EDIT: For the people with a lot of negative criticism, I'm curious how many games you've played and time you've spent with the game in general.
I agree that Stormgate has a personality, something in it is "beautiful" and i do also agree that high level games played in the current version show potential. But... it lacks, at least for me, something that hooks me in. I have tried it several times, but i do not feel the desire to really go up the route of really learn it. For example, starting SC2 in 2010 i really wanted to play more of it, getting better while Stormgate does not give me this feeling
I like many of the "macro" design decisions of this game. I like no armour and attack upgrades because it makes mid game strategy switches more viable. I like the veterancy mechanic because it motivates the player to keep their units alive. I like the simplified resource gathering model because macro feels like household chores and combat is the most fun. I like the longer battles and the slower time to kill because it allows me to do more cool micro. So much of the best elements of C&C have been brought to this game.
Art/Graphics/Presentation In the world of art it is also hard to identify who is a genius. Samwise Didier is looking more and more like a genius level artist the more I play Stormgate. Part of Didier's genius is that his art always fit within making the game play shine. It is hard to replace a genius.

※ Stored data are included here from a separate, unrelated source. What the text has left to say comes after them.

(* Let $\mathcal{E}_{\mathrm{MUB}}$ be the minimal Clifford measurement ensemble described in the context, let $V$ be any $n$-qubit Clifford unitary, $O=V^{\dagger}|\mathbf{0}\rangle\langle\mathbf{0}|V$, and for $U\in\mathcal{E}_{\mathrm{MUB}}$, $\mathbf{b}\in\{0,1\}^n$ let $\alpha_{U,\mathbf{b}}=\operatorname{tr}(O\,U^{\dagger}|\mathbf{b}\rangle\langle\mathbf{b}|U)=|\langle\mathbf{b}|UV^{\dagger}|\mathbf{0}\rangle|^2$. Then $$\sum_{U\in\mathcal{E}_{\mathrm{MUB}}}\max_{\mathbf{b}}\alpha_{U,\mathbf{b}}=2.$$ Moreover, for each $U\in\mathcal{E}_{\mathrm{MUB}}$, if the Z-Tableau of $UV^{\dagger}$ is $[C,D]$ and $r_U=\mathrm{rank}_{\mathbb{F}_2}(C)$, then exactly $2^{r_U}$ of the values $\alpha_{U,\mathbf{b}}$, $\mathbf{b}\in\{0,1\}^n$, equal $2^{-r_U}$ and the remaining $2^n-2^{r_U}$ equal $0$.
   Context: Galois arithmetic: fix an irreducible polynomial $P_n(x)$ of degree $n$ over $\mathrm{GF}(2)$; integers $a=\sum_i a_i2^i\in\{0,\dots,2^n-1\}$ are identified with polynomials $\sum_ia_ix^i$ and row vectors $(a_0,\dots,a_{n-1})$, and $a\odot b=a(x)b(x)\bmod P_n(x)$. Let $\Gamma_{k,j}$ be the coefficient of $x^j$ in $x^k\bmod P_n$, and $M_n^{(0)}$ the $n\times n$ binary matrix with entries $\Gamma_{p+q,0}$. For $v\in\{0,\dots,2^n-1\}$ let $\alpha_{v,i,j}$ be the $j$-th entry of $(v\odot 2^i)M_n^{(0)}$ mod 2 and $g_i^{(v)}=\sqrt{-1}^{\,\alpha_{v,i,i}}X_i\prod_jZ_j^{\alpha_{v,i,j}}$ ($X_i,Z_i$ Paulis on qubit $i$). $\mathcal{E}_{\mathrm{MUB}}=\{\mathbb{I}\}\cup\{U_v\}_{v=0}^{2^n-1}$, where $U_v$ is a Clifford unitary with $U_v^{\dagger}Z_iU_v=\pm g_i^{(v)}$ for all $i$. Z-Tableau: for a Clifford unitary $W$, write $W^{\dagger}Z_iW=\pm\prod_{j=0}^{n-1}X_j^{\gamma_{ij}}Z_j^{\delta_{ij}}$ (up to phase) with $\gamma_{ij},\delta_{ij}\in\{0,1\}$; the Z-Tableau of $W$ is the pair $[C,D]$ of $n\times n$ binary matrices $C=[\gamma_{ij}]$, $D=[\delta_{ij}]$. *)

From HB Require Import structures.
From mathcomp Require Import all_boot all_order all_algebra all_field.
Set Implicit Arguments. Unset Strict Implicit. Unset Printing Implicit Defensive.
Import Order.TTheory GRing.Theory Num.Theory.
Local Open Scope ring_scope.

(* Computational basis of n qubits: index a : 'I_(2^n), bit j of a is a_j,
   a = sum_j a_j 2^j (as in the paper's identification). *)
Definition bit (a j : nat) : bool := odd (a %/ 2 ^ j).

Lemma two_exp_gt0 (n : nat) : (0 < 2 ^ n)%N.
Proof. by rewrite expn_gt0. Qed.

Definition ket0 (n : nat) : 'I_(2 ^ n) := Ordinal (two_exp_gt0 n).

Definition dagger (m : nat) (A : 'M[algC]_m) : 'M[algC]_m := (map_mx Num.conj A)^T.

Definition unitary (m : nat) (A : 'M[algC]_m) : Prop := dagger A *m A = 1%:M.

Definition Xop (n : nat) (i : 'I_n) : 'M[algC]_(2 ^ n) :=
  \matrix_(a, b) (if (bit a i != bit b i) &&
                     [forall j : 'I_n, (j != i) ==> (bit a j == bit b j)]
                  then 1 else 0).

Definition Zop (n : nat) (i : 'I_n) : 'M[algC]_(2 ^ n) :=
  \matrix_(a, b) (if a == b then (-1) ^+ bit b i else 0).

Definition mxpowF2 (m : nat) (A : 'M[algC]_m) (e : 'F_2) : 'M[algC]_m :=
  if e != 0 then A else 1%:M.

Definition mxprod (m n : nat) (F : 'I_n -> 'M[algC]_m) : 'M[algC]_m :=
  \big[mulmx/1%:M]_(j < n) F j.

Frost Giant included so many elements I love about RTS and were lacking or not present in SC2. However, Stormgate does not "grab" me the way other RTS games have since 1998; it does not feel like a big leap in improvement over previous RTS games.
I feel like this game in an "early access" stage is in a situation very similar to Fire Pro Wrestling World was in , in July 2017. Stormgate and Fire Pro Wrestling are niche, distinct, inspired game types sitting within a small niche genre. Both have unremarkable graphics. It has been 10+ years since this distinct niche game type has been iterated upon. Fire Pro Wrestling World had almost no marketing budget. Early Access delivers a fraction of a game. The declining Early Access #s of Fire Pro Wrestling almost exactly mirror Stormgate's declining #s. Fire Pro Wrestling World faced oblivision during early access until it was rescued by a New Japan Pro Wrestling licsensing deal.
And we all lived happily ever after. FPWW turned out to be great because they created a great Sandbox experience. The community created 120,000 wrestlers with 1.4 MILLION unique parts over a 3 year time period.
If Frost Giant creates a great RTS sandbox then Stormgate has a shot at lasting a long time. I think the Mandalorian said it best: "A great sandbox is the way".
Step 1 to a great sandbox. Allow me to put whatever unit skins I want on my units and the enemy units. Allow my opponent to do the same. Sell a bazillion different skins in the cash shop. If certain people view certain skins as "unreadable" those people can dress their enemy units in whatever skins they want.